The balance-sheet total of the parent entity/sub-group is measured as total assets of the parent/sub-group less the book value of its subsidiaries or participations in the other sector (i.e. the value of the subsidiary or participation in the parent's consolidated accounts is deducted from the parent's consolidated assets).
The cross-sector subsidiaries or participations referred to above, valued according to their own accounts, are allocated pro-rata, according to the aggregated share owned by the parent/sub-group, to their own sector.
If the cross-sector entities above themselves own group entities in the first sector (i.e. that of the top parent/sub-group) these should (in accordance with the methods above) be excluded from the second sector and added to the first sector using individual accounts.

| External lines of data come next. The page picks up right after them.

(* For each $n$ let $0<p_n,q_n\le 1$, let $M=\lceil n^2/p_n\rceil$, and let $\alpha$ be any initial configuration of $n$ cards. Play $M$ moves of $p_n$-random $q_n$-proportion Bulgarian solitaire $\mathscr{B}(n,p_n,q_n)$ starting from $\alpha$. Then, with probability tending to $1$ as $n\to\infty$, every pile present in $\alpha$ has been completely consumed (contains no cards) after these $M$ moves.
   Context: $\mathscr{B}(n,p,q)$ ($0<p,q\le 1$) is played on $n$ identical cards distributed in piles. In one move, from each pile of size $h$ the top $\lceil qh\rceil$ cards are candidates; each candidate card is picked with probability $p$, independently of all other candidates; the picked cards are removed and together form one new pile. Piles are tracked individually (ordered by time of creation), so that one can follow what happens to each pile of the initial configuration. *)

From HB Require Import structures.
From mathcomp Require Import all_boot all_order all_algebra.
From mathcomp Require Import all_classical all_reals all_analysis.
Set Implicit Arguments. Unset Strict Implicit. Unset Printing Implicit Defensive.
Import Order.TTheory GRing.Theory Num.Theory.
Import numFieldNormedType.Exports.
Local Open Scope ring_scope.

(* A configuration is the sequence of pile sizes, ordered by time of creation.
   Piles are never deleted (an emptied pile stays as a 0 entry), so that the
   piles of the initial configuration are always the first [size alpha]
   entries.  Since cards are identical, a move is determined by the number
   k_i of cards picked from each pile i. *)

Definition ncand {R : realType} (q : R) (h : nat) : nat :=
  `|Num.ceil (q * h%:R)|%N.

Fixpoint pick_vecs (cs : seq nat) : seq (seq nat) :=
  match cs with
  | [::] => [:: [::]]
  | c :: cs' => [seq k :: v | k <- iota 0 c.+1, v <- pick_vecs cs']
  end.

Definition binom_pmf {R : realType} (p : R) (c k : nat) : R :=
  'C(c, k)%:R * p ^+ k * (1 - p) ^+ (c - k).

Definition move_weight {R : realType} (p q : R) (s ks : seq nat) : R :=
  \prod_(i < size s) binom_pmf p (ncand q (nth 0%N s i)) (nth 0%N ks i).

Definition move_result (s ks : seq nat) : seq nat :=
  rcons [seq (x.1 - x.2)%N | x <- zip s ks] (sumn ks).

Fixpoint prob_first_empty {R : realType} (p q : R) (m L : nat) (s : seq nat) : R :=
  match m with
  | 0%N => if all (fun h => h == 0%N) (take L s) then 1 else 0
  | m'.+1 => \sum_(ks <- pick_vecs [seq ncand q h | h <- s])
               move_weight p q s ks * prob_first_empty p q m' L (move_result s ks)
  end.

Definition is_config (n : nat) (alpha : seq nat) : bool :=
  all (fun h => 0 < h)%N alpha && (sumn alpha == n).

From HB Require Import structures.
From mathcomp Require Import all_boot all_order all_algebra.
From mathcomp Require Import all_classical all_reals all_analysis.
From mathcomp Require Import ring lra.
Import Order.TTheory GRing.Theory Num.Theory.
Import numFieldNormedType.Exports.
Local Open Scope classical_set_scope.
Local Open Scope ring_scope.

(* Give a pile of size h > 0 the potential 2^h (1 - p/2)^m when m moves remain,
   and an empty pile the potential 0.  A nonempty pile has at least one
   candidate card, so with probability at least p it loses a card, which at
   least halves 2^h; hence the expected potential after one move is at most the
   potential before it.  As the potential of a nonempty pile with no move left
   is at least 1, the probability that some initial pile survives m moves is at
   most sum_i 2^(alpha_i) (1 - p/2)^m <= n 2^n exp(-p m / 2), which for
   m = ceil(n^2/p) is at most n exp(n - n^2/2). *)

Lemma pick_vecs_cons c cs :
  pick_vecs (c :: cs) = [seq k :: v | k <- iota 0 c.+1, v <- pick_vecs cs].
Proof. by []. Qed.

Lemma size_pick_vecs cs ks : ks \in pick_vecs cs -> size ks = size cs.
Proof.
elim: cs ks => [|c cs IH] ks; first by rewrite inE => /eqP ->.
rewrite pick_vecs_cons => /allpairsPdep[k [v [_ /IH size_v ->]]].
by rewrite /= size_v.
Qed.

Section PickVecsSums.
Context {R : comPzSemiRingType}.

Lemma sum_pick_vecs_prod cs (F : nat -> nat -> R) :
  \sum_(ks <- pick_vecs cs) \prod_(i < size cs) F i (nth 0%N ks i)
  = \prod_(i < size cs) \sum_(k < (nth 0%N cs i).+1) F i k.
Proof.
elim: cs F => [|c cs IH] F; first by rewrite /= big_seq1 !big_ord0.
have iota_c : iota 0 c.+1 = index_iota 0 c.+1 by rewrite /index_iota subn0.
rewrite pick_vecs_cons big_allpairs_dep iota_c big_mkord [RHS]big_ord_recl /=.
have /= <- := IH (fun i => F i.+1); rewrite mulr_suml.
apply: eq_bigr => k _; rewrite mulr_sumr; apply: eq_bigr => v _.
by rewrite big_ord_recl.
Qed.

Lemma sum_pick_vecs_marginal cs (b : nat -> nat -> R) i0 (f : nat -> R) :
  (i0 < size cs)%N ->
  (forall i, (i < size cs)%N -> \sum_(k < (nth 0%N cs i).+1) b i k = 1) ->
  \sum_(ks <- pick_vecs cs) (\prod_(i < size cs) b i (nth 0%N ks i)) * f (nth 0%N ks i0)
  = \sum_(k < (nth 0%N cs i0).+1) b i0 k * f k.
Proof.
move=> lt_i0 b_sum1; pose j0 := Ordinal lt_i0.
have neq_j0 (i : 'I_(size cs)) : i != j0 -> ((i : nat) == i0) = false.
  by move=> ne_ij0; apply/eqP => eq_ii0; case/eqP: ne_ij0; apply: val_inj.
pose F i k := b i k * (if i == i0 then f k else 1).
transitivity (\sum_(ks <- pick_vecs cs) \prod_(i < size cs) F i (nth 0%N ks i)).
  apply: eq_bigr => ks _; rewrite big_split /= [X in _ = _ * X](bigD1 j0) //= eqxx.
  by rewrite [X in _ * (_ * X)]big1 ?mulr1 // => i /neq_j0 ->.
rewrite sum_pick_vecs_prod (bigD1 j0) //= [X in _ * X]big1 ?mulr1.
  by apply: eq_bigr => k _; rewrite /F eqxx.
by move=> i ne_ij0; under eq_bigr do rewrite /F neq_j0 // mulr1; apply: b_sum1.
Qed.

End PickVecsSums.

Lemma size_move_result s ks :
  size ks = size s -> size (move_result s ks) = (size s).+1.
Proof. by move=> size_ks; rewrite size_rcons size_map size_zip size_ks minnn. Qed.

Lemma nth_move_result s ks i : size ks = size s -> (i < size s)%N ->
  nth 0%N (move_result s ks) i = (nth 0%N s i - nth 0%N ks i)%N.
Proof.
move=> size_ks lt_i.
rewrite nth_rcons size_map size_zip size_ks minnn lt_i.
by rewrite (nth_map (0%N, 0%N)) ?size_zip ?size_ks ?minnn // nth_zip.
Qed.

Lemma ncand_gt0 {R : realType} (q : R) h : 0 < q -> (0 < h)%N -> (0 < ncand q h)%N.
Proof.
by move=> q_gt0 h_gt0; rewrite /ncand absz_gt0 ceil_neq0 mulr_gt0 ?orbT ?ltr0n.
Qed.

Lemma size_le_sumn s : all (fun h => 0 < h)%N s -> (size s <= sumn s)%N.
Proof.
by elim: s => //= h s IH /andP[h_gt0 /IH]; rewrite -add1n; apply: leq_add.
Qed.

Lemma nth_le_sumn s i : (nth 0%N s i <= sumn s)%N.
Proof.
elim: s i => [|h s IH] [|i] //=; first exact: leq_addr.
exact: leq_trans (IH i) (leq_addl _ _).
Qed.

Section MoveProbabilities.
Context {R : realType}.
Variables (p q : R).
Hypothesis p01 : 0 <= p <= 1.

Lemma binom_pmf_ge0 c k : 0 <= binom_pmf p c k.
Proof.
case/andP: p01 => p_ge0 p_le1.
by rewrite /binom_pmf !mulr_ge0 ?exprn_ge0 ?subr_ge0.
Qed.

Lemma sum_binom_pmf c : \sum_(k < c.+1) binom_pmf p c k = 1.
Proof.
transitivity ((1 - p + p) ^+ c); last by rewrite subrK expr1n.
rewrite exprDn; apply: eq_bigr => k _.
by rewrite /binom_pmf -[RHS]mulr_natl -mulrA [p ^+ k * _]mulrC.
Qed.

Lemma binom_pmf0 c : binom_pmf p c 0 = (1 - p) ^+ c.
Proof. by rewrite /binom_pmf bin0 expr0 mulr1 mul1r subn0. Qed.

Lemma move_weight_ge0 s ks : 0 <= move_weight p q s ks.
Proof. by apply: prodr_ge0 => i _; apply: binom_pmf_ge0. Qed.

Lemma sum_move_weight s :
  \sum_(ks <- pick_vecs [seq ncand q h | h <- s]) move_weight p q s ks = 1.
Proof.
have := sum_pick_vecs_prod [seq ncand q h | h <- s]
  (fun i k => binom_pmf p (ncand q (nth 0%N s i)) k).
rewrite size_map /move_weight => ->.
by apply: big1 => i _; rewrite (nth_map 0%N) // sum_binom_pmf.
Qed.

Lemma sum_move_weight_marginal s i0 (f : nat -> R) : (i0 < size s)%N ->
  \sum_(ks <- pick_vecs [seq ncand q h | h <- s])
     move_weight p q s ks * f (nth 0%N ks i0)
  = \sum_(k < (ncand q (nth 0%N s i0)).+1)
     binom_pmf p (ncand q (nth 0%N s i0)) k * f k.
Proof.
move=> lt_i0; have := sum_pick_vecs_marginal [seq ncand q h | h <- s]
  (fun i k => binom_pmf p (ncand q (nth 0%N s i)) k) i0 f.
rewrite size_map (nth_map 0%N) // => -> //.
by move=> i lt_i; rewrite (nth_map 0%N) // sum_binom_pmf.
Qed.

Lemma prob_first_empty_le1 m L s : prob_first_empty p q m L s <= 1.
Proof.
elim: m s => [|m IH] s /=; first by case: ifP.
rewrite -(sum_move_weight s); apply: ler_sum => ks _.
by rewrite ler_piMr ?move_weight_ge0.
Qed.

End MoveProbabilities.

Section Potential.
Context {R : realType}.
Variable p : R.
Hypothesis p01 : 0 <= p <= 1.

Definition potential (m h : nat) : R :=
  if h == 0%N then 0 else 2 ^+ h * (1 - p / 2) ^+ m.

Lemma decay_ge0 m : 0 <= (1 - p / 2) ^+ m.
Proof. by case/andP: p01 => p_ge0 p_le1; rewrite exprn_ge0 //; lra. Qed.

Lemma potential_ge0 m h : 0 <= potential m h.
Proof.
by rewrite /potential; case: eqP => // _; rewrite mulr_ge0 ?decay_ge0 ?exprn_ge0.
Qed.

Lemma potential_le m h n :
  (h <= n)%N -> potential m h <= 2 ^+ n * (1 - p / 2) ^+ m.
Proof.
move=> le_hn; rewrite /potential; case: eqP => _.
  by rewrite mulr_ge0 ?decay_ge0 ?exprn_ge0.
by rewrite ler_wpM2r ?decay_ge0 // ler_eXn2l ?ltr1n.
Qed.

Lemma potential_step m c h : ((0 < h)%N -> (0 < c)%N) ->
  \sum_(k < c.+1) binom_pmf p c k * potential m (h - k) <= potential m.+1 h.
Proof.
case: h => [_|h /(_ isT) c_gt0].
  by rewrite big1 // => k _; rewrite sub0n /potential mulr0.
case/andP: p01 => p_ge0 p_le1.
set X := 2 ^+ h * (1 - p / 2) ^+ m.
have X_ge0 : 0 <= X by rewrite mulr_ge0 ?decay_ge0 ?exprn_ge0.
set Y := (1 - p) ^+ c.
have Y_le : Y <= 1 - p.
  by rewrite /Y -(prednK c_gt0) exprS ler_piMr ?exprn_ile1 //; lra.
have Y_ge0 : 0 <= Y by rewrite /Y exprn_ge0 //; lra.
have rest_le : \sum_(k < c) binom_pmf p c (lift ord0 k)
                   * potential m (h.+1 - lift ord0 k) <= (1 - Y) * X.
  have := sum_binom_pmf p c; rewrite big_ord_recl binom_pmf0 -/Y => sum1.
  rewrite -{1}sum1 addrC addKr mulr_suml.
  apply: ler_sum => k _; rewrite ler_wpM2l ?binom_pmf_ge0 //.
  by rewrite lift0 subSS potential_le ?leq_subr.
rewrite big_ord_recl binom_pmf0 -/Y subn0.
have -> : potential m h.+1 = 2 * X by rewrite /potential /X exprS mulrA.
have -> : potential m.+1 h.+1 = (2 - p) * X.
  by rewrite /potential /X !exprS; field.
nra.
Qed.

End Potential.

Section FirstEmptyBound.
Context {R : realType} {p q : R}.
Hypotheses (p01 : 0 <= p <= 1) (q_gt0 : 0 < q).

Lemma prob_first_empty0_ge L s :
  1 - \sum_(i < L) potential p 0 (nth 0%N s i) <= prob_first_empty p q 0 L s.
Proof.
rewrite /=; case: ifP => [_|/negbT].
  by rewrite lerBlDr lerDl sumr_ge0 // => i _; apply: potential_ge0.
rewrite -has_predC => /(has_nthP 0%N)[i]; rewrite size_take_min leq_min.
case/andP=> lt_iL _; rewrite nth_take //= => nz_si.
rewrite subr_le0 (bigD1 (Ordinal lt_iL)) //= -[1]addr0 lerD //.
  by rewrite /potential (negbTE nz_si) expr0 mulr1 exprn_ege1 ?ler1n.
by rewrite sumr_ge0 // => j _; apply: potential_ge0.
Qed.

Lemma prob_first_empty_ge m L s : (L <= size s)%N ->
  1 - \sum_(i < L) potential p m (nth 0%N s i) <= prob_first_empty p q m L s.
Proof.
elim: m s => [|m IH] s le_Ls; first exact: prob_first_empty0_ge.
pose Ks := pick_vecs [seq ncand q h | h <- s].
have step_ge ks : ks \in Ks ->
    1 - \sum_(i < L) potential p m (nth 0%N s i - nth 0%N ks i)
    <= prob_first_empty p q m L (move_result s ks).
  move=> /size_pick_vecs; rewrite size_map => size_ks.
  have lt_is (i : 'I_L) : (i < size s)%N by apply: leq_trans le_Ls.
  under eq_bigr => i _ do rewrite -nth_move_result //.
  by apply: IH; rewrite size_move_result // leqW.
apply: le_trans (_ : \sum_(ks <- Ks) move_weight p q s ks *
    (1 - \sum_(i < L) potential p m (nth 0%N s i - nth 0%N ks i)) <= _); last first.
  rewrite /= big_seq [X in _ <= X]big_seq; apply: ler_sum => ks ks_in.
  by rewrite ler_wpM2l ?move_weight_ge0 ?step_ge.
under [X in _ <= X]eq_bigr do rewrite mulrBr mulr1 mulr_sumr.
rewrite sumrB sum_move_weight exchange_big lerD2l lerN2 /=; apply: ler_sum => i _.
rewrite (sum_move_weight_marginal p q s i (fun k => potential p m (nth 0%N s i - k)));
  last exact: leq_trans le_Ls.
by apply: potential_step => // /ncand_gt0; apply.
Qed.

End FirstEmptyBound.

Lemma sum_potential_config {R : realType} {p : R} {n m s} :
  0 <= p <= 1 -> is_config n s ->
  \sum_(i < size s) potential p m (nth 0%N s i)
  <= n%:R * (2 ^+ n * (1 - p / 2) ^+ m).
Proof.
move=> p01 /andP[s_gt0 /eqP sum_s].
apply: le_trans (_ : \sum_(i < size s) 2 ^+ n * (1 - p / 2) ^+ m <= _).
  by apply: ler_sum => i _; rewrite potential_le // -sum_s nth_le_sumn.
rewrite sumr_const card_ord -[X in X <= _]mulr_natl.
rewrite ler_wpM2r ?mulr_ge0 ?decay_ge0 ?exprn_ge0 //.
by rewrite ler_nat -sum_s size_le_sumn.
Qed.

Lemma exprn_le_expR {R : realType} (x : R) m :
  0 <= 1 + x -> (1 + x) ^+ m <= expR (x * m%:R).
Proof.
by move=> x_ge; rewrite expRM_natr lerXn2r ?nnegrE ?expR_ge0 ?expR_ge1Dx.
Qed.

Lemma mul_expRN_le {R : realType} (x : R) :
  0 <= x -> x * expR (- x) <= 4 / (x + 1).
Proof.
move=> x_ge0; have exp_ge : 1 + x ^+ 2 / 2 <= expR x by apply: expR_ge1Dxn.
have exp_gt0 := expR_gt0 x; have x1_gt0 : 0 < x + 1 by lra.
rewrite expRN ler_pdivlMr // mulrAC ler_pdivrMr //.
nra.
Qed.

Lemma le_mul_absz_ceil_div {R : realType} (x p : R) : 0 <= x -> 0 < p ->
  x <= p * `|Num.ceil (x / p)|%N%:R.
Proof.
move=> x_ge0 p_gt0; rewrite -ler_pdivrMl // [_ * x]mulrC natr_absz.
rewrite ger0_norm ?ceil_ge //.
by rewrite ceil_ge0 (lt_le_trans _ (divr_ge0 x_ge0 (ltW p_gt0))) ?ltrN10.
Qed.

Lemma config_tail_le {R : realType} {p : R} {n : nat} :
  0 < p <= 1 -> (4 <= n)%N ->
  n%:R * (2 ^+ n * (1 - p / 2) ^+ `|Num.ceil ((n ^ 2)%:R / p)|%N) <= 4 / n.+1%:R.
Proof.
move=> /andP[p_gt0 p_le1] n_ge4.
set M := `|Num.ceil _|%N; set x : R := n%:R.
have x_ge4 : 4 <= x by rewrite (ler_nat _ 4).
have pM_ge : x ^+ 2 <= p * M%:R.
  by rewrite /x -natrX le_mul_absz_ceil_div ?ler0n.
have decay_le : (1 - p / 2) ^+ M <= expR (- (p / 2) * M%:R).
  by apply: exprn_le_expR; lra.
have two_le : 2 ^+ n <= expR x by rewrite -[x]mul1r exprn_le_expR.
have x_ge0 : 0 <= x by rewrite ler0n.
rewrite -(natr1 n); apply: le_trans _ (mul_expRN_le _ x_ge0).
rewrite ler_wpM2l //.
apply: le_trans (ler_pM _ _ two_le decay_le) _; rewrite ?exprn_ge0 //; first lra.
by rewrite -expRD ler_expR; nra.
Qed.

Theorem lemma4 (R : realType) (p q : nat -> R) (alpha : nat -> seq nat)
  (hp : forall n, 0 < p n <= 1) (hq : forall n, 0 < q n <= 1)
  (halpha : forall n, is_config n (alpha n)) :
  (fun n => prob_first_empty (p n) (q n)
              `|Num.ceil ((n ^ 2)%:R / p n)|%N (size (alpha n)) (alpha n))
    @ \oo --> (1 : R).
Proof.
have lower_cvg : (fun n => 1 - 4 * harmonic n) @ \oo --> (1 : R).
  have := cvgB (cvg_cst (1 : R)) (cvgM (cvg_cst (4 : R)) (@cvg_harmonic R)).
  by rewrite mulr0 subr0; apply.
apply: (squeeze_cvgr _ lower_cvg (cvg_cst (1 : R))).
apply: filterS (nbhs_infty_ge 4) => n n_ge4 /=.
have p01 : 0 <= p n <= 1 by case/andP: (hp n) => /ltW -> ->.
have q_gt0 : 0 < q n by case/andP: (hq n).
rewrite prob_first_empty_le1 // andbT.
apply: le_trans _ (prob_first_empty_ge p01 q_gt0 _ _ _ (leqnn _)).
rewrite lerD2l lerN2; apply: le_trans (sum_potential_config p01 (halpha n)) _.
exact: config_tail_le (hp n) n_ge4.
Qed.
Lemma block_ok_rcons B a : block_ok B -> ~~ has (dep a) B -> block_ok (rcons B a).
Proof.
move=> okB; have indB := block_ok_indep okB; case/and3P: okB => nB uB _.
move/hasPn=> naB; have aB : a \notin B by apply/negP => /naB; rewrite /dep eqxx.
have nsim z : z \in B -> ~~ sim a z by move/naB; rewrite negb_or => /andP[].
apply/and3P; split; first by case: (B) nB.
  by rewrite rcons_uniq aB.
apply/forall_inP => x; rewrite inE mem_rcons in_cons => xI.
apply/forall_inP => y; rewrite inE mem_rcons in_cons => yI.
case/orP: xI => [/eqP ->|xB]; case/orP: yI => [/eqP ->|yB].
- by rewrite eqxx.
- by rewrite nsim ?implybT.
- by rewrite simC nsim ?implybT.
- by apply/implyP => /(indB x y xB yB); rewrite negb_or => /andP[].
Qed.

Lemma dep_on_refl B : dep_on B B.
Proof.
apply/subsetP => x; rewrite inE => xB; rewrite inE; apply/existsP; exists x.
by rewrite inE xB eqxx.
Qed.

Lemma dep_on_rcons X B a : dep_on X B -> dep_on X (rcons B a).
Proof.
move=> /subsetP XB; apply/subsetP => x /XB; rewrite !inE => /exists_inP [f].
rewrite inE => fB xf; apply/exists_inP; exists f => //.
by rewrite inE mem_rcons in_cons fB orbT.
Qed.

Lemma dep_on_rcons_dep B C a : dep_on B C -> has (dep a) C -> dep_on (rcons B a) C.
Proof.
move=> /subsetP BC /hasP [c cC ac]; apply/subsetP => x.
rewrite inE mem_rcons in_cons => /orP [/eqP ->|xB]; last by apply: BC; rewrite inE.
by rewrite inE; apply/exists_inP; exists c; rewrite ?inE // [sim c a]simC.
Qed.

(* When [a] commutes with the last block [B], it joins the block right after
   the last block containing a letter dependent on [a] (or the first block). *)
Fixpoint sink (a : F) (B : seq F) (Rs : seq (seq F)) : seq (seq F) :=
  if Rs is C :: Rs' then
    if has (dep a) C then rcons B a :: Rs else B :: sink a C Rs'
  else [:: rcons B a].
(* Let $0\le r\le R$ be integers, assume $\mu<\infty$, $\mu p\neq 1$ and $\mu p q\neq 1$, and consider the model on the truncated tree $\mathbb{T}_R$ with the information starting at the vertex $x$ at distance $r$ from the root. Then $$ E_r (S) = \frac{1}{1 - \mu p} \bigg(1 + q \,\frac{1 - q^r}{1 - q} \, (1 - p) - (\mu p)^{R - r + 1} \,\frac{1 - pq (1 + (\mu - 1)(\mu pq)^r)}{1 - \mu pq} \bigg). $$
   Context: Let $(p_k)_{k\ge 0}$ be an offspring distribution with $p_0=0$, mean $\mu=\sum_k kp_k$ and variance $\sigma^2=\sum_k (k-\mu)^2p_k$. Let $\mathbb{T}$ be a Galton–Watson tree with root $0$ and offspring distribution $(p_k)$ (each vertex independently has $k$ offspring, i.e. edges going away from the root, with probability $p_k$). For an integer $R\ge 0$, the truncated tree $\mathbb{T}_R$ is the subgraph of $\mathbb{T}$ induced by the vertices at distance at most $R$ from the root. Fix $p,q\in(0,1)$. Each edge of the tree is replaced by two arrows: the arrow parent $\to$ offspring is open with probability $p$ and the arrow offspring $\to$ parent is open with probability $q$, all arrows independently of each other and of the tree. The source of the information is a vertex $x$ at distance $r$ from the root chosen independently of the offspring numbers of its ancestors and of the percolation (e.g. the vertex obtained from the root by always moving to the first offspring); let $0=x_0\to x_1\to\cdots\to x_r=x$ be the path from the root to $x$. The cluster is $\mathscr{C}=\{y: \text{there is a directed open path from } x \text{ to } y\}$ (including $x$), its elements are called wet, and $S=\operatorname{card}(\mathscr{C})$. $E_r$ and $P_r$ denote expectation and probability (over both the tree and the percolation) when the source is at distance $r$ from the root. *)

From HB Require Import structures.
From mathcomp Require Import all_boot all_order all_algebra.
From mathcomp Require Import all_classical all_reals all_analysis.
From Stdlib Require Import Relations.

Set Implicit Arguments.
Unset Strict Implicit.
Unset Printing Implicit Defensive.
Import Order.TTheory GRing.Theory Num.Theory.
Local Open Scope ring_scope.
Local Open Scope classical_set_scope.

(* A finite rooted plane tree whose edges carry the states of the two
   arrows: each child is given as ((down, up), subtree) where
   [down] = arrow parent -> offspring is open, [up] = arrow
   offspring -> parent is open. *)
Inductive ptree := PNode of seq (bool * bool * ptree).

Generally, the solvency requirements should be according to sectoral rules (that is EEA prudential sectoral legislation - see Glossary). However, for convenience, you may choose to use either EEA rules, FSA rules or local rules. But if this choice makes a significant difference, either with respect to whether the group is a financial conglomerate or with respect to which sector is the biggest, you should consult with the FSA. Non-regulated financial entities should have proxy requirements calculated on the basis of the most appropriate sector. If sub-groups submit single sector consolidated returns then the solvency requirement may be taken from those returns.
Our expectation of how this may be achieved efficiently is as follows:
If you complete a solvency return for a sub-group consisting of financial entities from only one of the two sectors, the total solvency requirement for the sub-group should be used.
Solvency requirements taken must include any deductions from available capital so as to allow the appropriate aggregation of requirements.
Where there is a regulated subsidiary or participation in the opposite sector from its parent/sub-group, the solvency requirement of the subsidiary or participation should be from its individual regulatory return. If there is an identifiable contribution to the parent's solvency requirement in respect of the cross-sector subsidiary or participation, the parent's solvency requirement may be adjusted to exclude this.
Where there is an unregulated financial undertaking in the opposite sector from its parent/sub-group, the solvency requirement of the subsidiary or participation should be one of the following:
(a) as if the entity were regulated by the FSA under the appropriate sectoral rules;
(b) using EU minimum requirements for the appropriate sector; or
(c) using non-EU local requirements* for the appropriate sector.
Please note on the form which of these options you have used, according to the country and sector, and whether this is the same treatment as in your latest overall group solvency calculation.
For banking/investment requirements, use the total amount of capital required.
For insurance requirements, use the Required Minimum Margin:
(a) UK firms, Form 9: for general insurance business = capital resources requirement [line 29]; for long-term insurance business = capital resources requirement (higher of Minimum Capital Requirement and Enhanced Capital Resources Requirement) [line 52].
(b) Overseas firms, either:
- • the local requirement*;
- • the EU minimum; or
- • the FSA requirement.
- * N.B. local requirements may only be used if they are at least equivalent to the EU minimum (designated states or territories). However, local requirements of a non-designated state or territory may be used if the resulting ratio in F5 is significantly below the 10% threshold (for this purpose "significantly below" may be taken to mean <5%).